С Акелой вышло всё немного иначе.
Ей нужен был напарник в её путешествиях, желательно священник, и Баграт подрядился найти ей такого человека.
Единственным священником в его прямом доступе, который бы стал слушать его просьбы, был я.
Мне было не жалко уделить времени девушке, старающейся отточить свои умения. Тем более, я считал себя влюблённым совсем в иную красавицу. И думал, что моё сердце склонно только к ней, и это убережёт меня от женских чар. Я тогда и подумать не мог, как же я ошибался.
Впрочем, я должен сделать небольшое отступление. Когда я встретил Акелу мне было четырнадцать, хотя выглядел я уже лет на семнадцать. Всему виной был мой высокий рост (к четырнадцати годам я умудрился перерости моего друга Стокера и почти догнать сэра Принципа) и уже сломавшийся голос. Сами понимаете, кто рукоположит мальчишку в священники в таком возрасте? По сути я был послушником, но мне было позволено использовать умения настоящих священников и носить сутану, чтобы ко мне могли обращаться за помощью нуждающиеся.
Итак, через Багратиона мы смогли условиться о месте встречи. Акела желала пойти в Лоянг, охотиться на Ми Гао, а мне было всё равно. Не могу сказать, что мне с первого взгляда понравилась молодая разбойница с кошачьими ушами.
Наверное, я неправ, и большинству мужского населения Рун-Мидгара нравятся весьма эротичные наряды для женских профессий. Но меня несколько смущают голые бёдра священниц и прочие женские прелести, выставленные на всеобщее обозрение. Возможно, меня так воспитали, а, может, это врождённое, но мне становилось немного неловко, за столь откровенно одетых девиц.
Что касается разбойниц, то их наряд не только эротичен, но ещё несёт некий... агрессивный оттенок, чтобы показать всю опасность их владелиц. Это-то меня и оттолкнуло вначале. Если честно, я пообещал себе не смотреть на девушку лишний раз, чтобы избежать соблазна. Поэтому, обращаясь к ней, своим взглядом я искал её глаза.
И только потом понял, что на каждый её золотисто-жёлтый взор отвечаю невольной улыбкой.
У девушки оказались невероятно тёплые и добрые глаза. И потом так вышло, что вызвавшись ей помочь, я был не раз спасён Акелой от агрессивных мантисов. Их жвала и конечности превратили мою сутану в решето. И только благодаря быстрому ножу девушки, в решето не превратился я сам.

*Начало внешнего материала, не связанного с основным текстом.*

Lemma gauss_norm_Z r e f : gauss_norm r (e *: f)%ring = av e * gauss_norm r f.
Proof.
apply: Rle_antisym.
  apply: gauss_norm_le => i; rewrite coefZ (avM hav) Rmult_assoc.
  exact/Rmult_le_compat_l/coef_le_gauss_norm/av_ge0.
have [->|e0] := eqVneq e 0%ring.
  by rewrite (av0 hav) Rmult_0_l; apply: gauss_norm_ge0.
have he : 0 < av e by apply/av_gt0/eqP.
have hf : gauss_norm r f <= / av e * gauss_norm r (e *: f)%ring.
  apply: gauss_norm_le => i.
  have -> : av f`_i * r ^ i = / av e * (av (e *: f)%ring`_i * r ^ i).
    by rewrite coefZ (avM hav); field; lra.
  by apply/Rmult_le_compat_l/coef_le_gauss_norm; left; apply: Rinv_0_lt_compat.
have := Rmult_le_compat_l (av e) _ _ (Rlt_le _ _ he) hf.
by rewrite -Rmult_assoc Rinv_r ?Rmult_1_l; lra.
Qed.

Lemma gauss_norm_D_le r f g : 0 <= r ->
  gauss_norm r (f + g)%ring <= Rmax (gauss_norm r f) (gauss_norm r g).
Proof.
move=> r0; apply: gauss_norm_le => i; rewrite coefD.
apply: Rle_trans (Rmult_le_compat_r _ _ _ (pow_le r i r0) (avD_le hav f`_i g`_i)) _.
have := coef_le_gauss_norm r f i; have := coef_le_gauss_norm r g i.
rewrite /Rmax => hf hg; repeat destruct Rle_dec; lra.
Qed.

Lemma gauss_norm_D_eq r f g : 0 <= r -> gauss_norm r g < gauss_norm r f ->
  gauss_norm r (f + g)%ring = gauss_norm r f.
Proof.
move=> r0 hgf; have h1 := gauss_norm_D_le f g r0.
have h2 := gauss_norm_D_le (f + g)%ring (- g)%ring r0.
rewrite addrK gauss_norm_N in h2.
move: h1 h2; rewrite /Rmax => h1 h2; repeat destruct Rle_dec; lra.
Qed.

Lemma gauss_norm_subZ r (e : K) f g : 0 <= r -> (f`_0 = 0)%ring -> gauss_norm r g = av g`_0 ->
  gauss_norm r (f - e *: g)%ring = Rmax (av e * av g`_0) (gauss_norm r f).
Proof.
move=> r0 f0 hg.
have heg : gauss_norm r (- (e *: g))%ring = av e * av g`_0 by rewrite gauss_norm_N gauss_norm_Z hg.
apply: Rle_antisym; first by rewrite -heg Rmax_comm; apply: gauss_norm_D_le.
case: (Rle_or_lt (gauss_norm r f) (av e * av g`_0)) => hc.
  rewrite Rmax_left //; have := coef_le_gauss_norm r (f - e *: g)%ring 0.
  by rewrite coefB coefZ f0 sub0r (avN hav) (avM hav) /= Rmult_1_r.
by rewrite Rmax_right ?gauss_norm_D_eq ?heg //; lra.
Qed.

Lemma gauss_norm_mono r1 r2 f : 0 <= r2 <= r1 -> gauss_norm r2 f <= gauss_norm r1 f.
Proof.
move=> hr; apply: gauss_norm_le => i; apply: Rle_trans (coef_le_gauss_norm r1 f i).
exact: Rmult_le_compat_l (av_ge0 hav _) (pow_incr _ _ _ hr).
Qed.

Lemma horner_le_gauss_norm f z : av f.[z]%ring <= gauss_norm (av z) f.
Proof.
rewrite horner_coef; apply: av_sum_le => // [|i]; first exact: gauss_norm_ge0.
by rewrite (avM hav) (avX hav); apply: coef_le_gauss_norm.
Qed.

Lemma gauss_norm_mulX_le r f : 0 <= r -> gauss_norm r ('X * f)%ring <= r * gauss_norm r f.
Proof.
move=> r0; apply: gauss_norm_le => -[|i]; rewrite coefXM /=.
  by rewrite (av0 hav) Rmult_0_l; apply/Rmult_le_pos/gauss_norm_ge0.
have -> : av f`_i * r ^ i.+1 = r * (av f`_i * r ^ i) by rewrite /=; ring.
exact: Rmult_le_compat_l r0 (coef_le_gauss_norm r f i).
Qed.

Lemma gauss_norm_XsubC_mul_le r b f : 0 <= r ->
  gauss_norm r (('X - b%:P) * f)%ring <= Rmax r (av b) * gauss_norm r f.
Proof.
move=> r0; rewrite mulrBl mul_polyC.
apply: Rle_trans (gauss_norm_D_le _ _ r0) _.
rewrite gauss_norm_N gauss_norm_Z.
apply: Rmax_lub; last exact: Rmult_le_compat_r (gauss_norm_ge0 _ _) (Rmax_r _ _).
apply: Rle_trans (gauss_norm_mulX_le f r0) _.
exact: Rmult_le_compat_r (gauss_norm_ge0 _ _) (Rmax_l _ _).
Qed.

Lemma gauss_norm_prod_XsubC_le r lc bs : 0 <= r ->
  gauss_norm r (lc *: \prod_(b <- bs) ('X - b%:P))%ring
    <= av lc * \big[Rmult/1]_(b <- bs) Rmax r (av b).
Proof.
move=> r0; rewrite gauss_norm_Z; apply: Rmult_le_compat_l (av_ge0 hav _) _.
elim: bs => [|b bs IH].
  rewrite !big_nil; apply: gauss_norm_le => -[|i]; rewrite coefC /=.
    by rewrite (av1 hav); lra.
  by rewrite (av0 hav); lra.
rewrite !big_cons; apply: Rle_trans (gauss_norm_XsubC_mul_le _ _ r0) _.
apply: Rmult_le_compat_l IH; apply: Rle_trans r0 (Rmax_l _ _).
Qed.

Lemma gauss_norm_XsubC r a : 0 <= r -> gauss_norm r ('X - a%:P)%ring = Rmax (av a) r.
Proof.
move=> r0; apply: Rle_antisym.
  apply: gauss_norm_le => -[|[|i]]; rewrite coefB coefX coefC /=.
  - by rewrite sub0r (avN hav) Rmult_1_r; apply: Rmax_l.
  - by rewrite subr0 (av1 hav) Rmult_1_l Rmult_1_r; apply: Rmax_r.
  - rewrite subr0 (av0 hav) Rmult_0_l; apply: Rle_trans (av_ge0 hav a) (Rmax_l _ _).
apply: Rmax_lub.
  by have := coef_le_gauss_norm r ('X - a%:P)%ring 0; rewrite coefB coefX coefC /= sub0r (avN hav) Rmult_1_r.
have := coef_le_gauss_norm r ('X - a%:P)%ring 1; rewrite coefB coefX coefC /= subr0 (av1 hav); lra.
Qed.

Как-то неожиданно, мы разговорились и отправились гулять по городу. Попробовали местного супа, попытались взобраться на самую высокую гору, но меня не пропустили наверх. Мы гуляли до самой темноты, а потом с большой неохотой расстались.
Я был приглашён ещё раз на охоту за Ми Гао, и с удовольствием принял это приглашение.
Следующая наша встреча была в Пайоне. Акела бегала с подругой, а мне почему-то было неловко, как будто я им мешаю...
Я пробыл с ними недолго, очень быстро засмущался и ушёл. Это сейчас-то я понимаю, что на самом деле присутствие её подруги мешало только мне. Сам того не осознавая, я желал встречи с Акелой, но без лишних людей.
Со мной случилось что-то странное. Я как будто забыл о своей девушке, о Селене. Впрочем, моей девушкой она могла называться только с большой натяжкой. Две встречи с ней до того поразили моё подростковое воображение, что я начал думать, что влюбился. Помнится, я слал ей цветы и стихи. Искал с ней встречи. Но все мои потуги были тщетными. Во-первых, она была старше меня, во-вторых, порой мои поступки откровенно смешили её, что она и не думала скрывать.
Теперь я прекрасно понимаю, что у нас с Селеной никогда ничего бы не вышло. Слишком большая разница в возрасте, в понимании, в мировоззрении. И потом, я по молодости лет начал совершать ошибки в наших отношениях.
Мда... Никогда не говорите женщине, что ей следует делать! Ни-ког-да!
Вы только испортите свои отношения до безобразия. Но тогда я просто не мог сдержать свою гордыню, и указал ей, что девице не следует курить. Я понимаю, что для размолвки это совсем малая причина, но, как говорится, был бы повод. После этого между нами пошла трещина, и началось отчуждение. И в результате, я был настолько захвачен новыми ощущениями, что Селена окончательно ушла на второй план.
Между тем, мне минуло пятнадцать, и наши отношения с Акелой переросли в нечто большее, нежели просто совместные прогулки. Когда я понял, что она сама ищет со мной встречи, моей радости не было предела. Я уже мог без лишнего смущения предложить ей руку во время прогулки или приобнять за плечи, когда она жаловалась на прохладу.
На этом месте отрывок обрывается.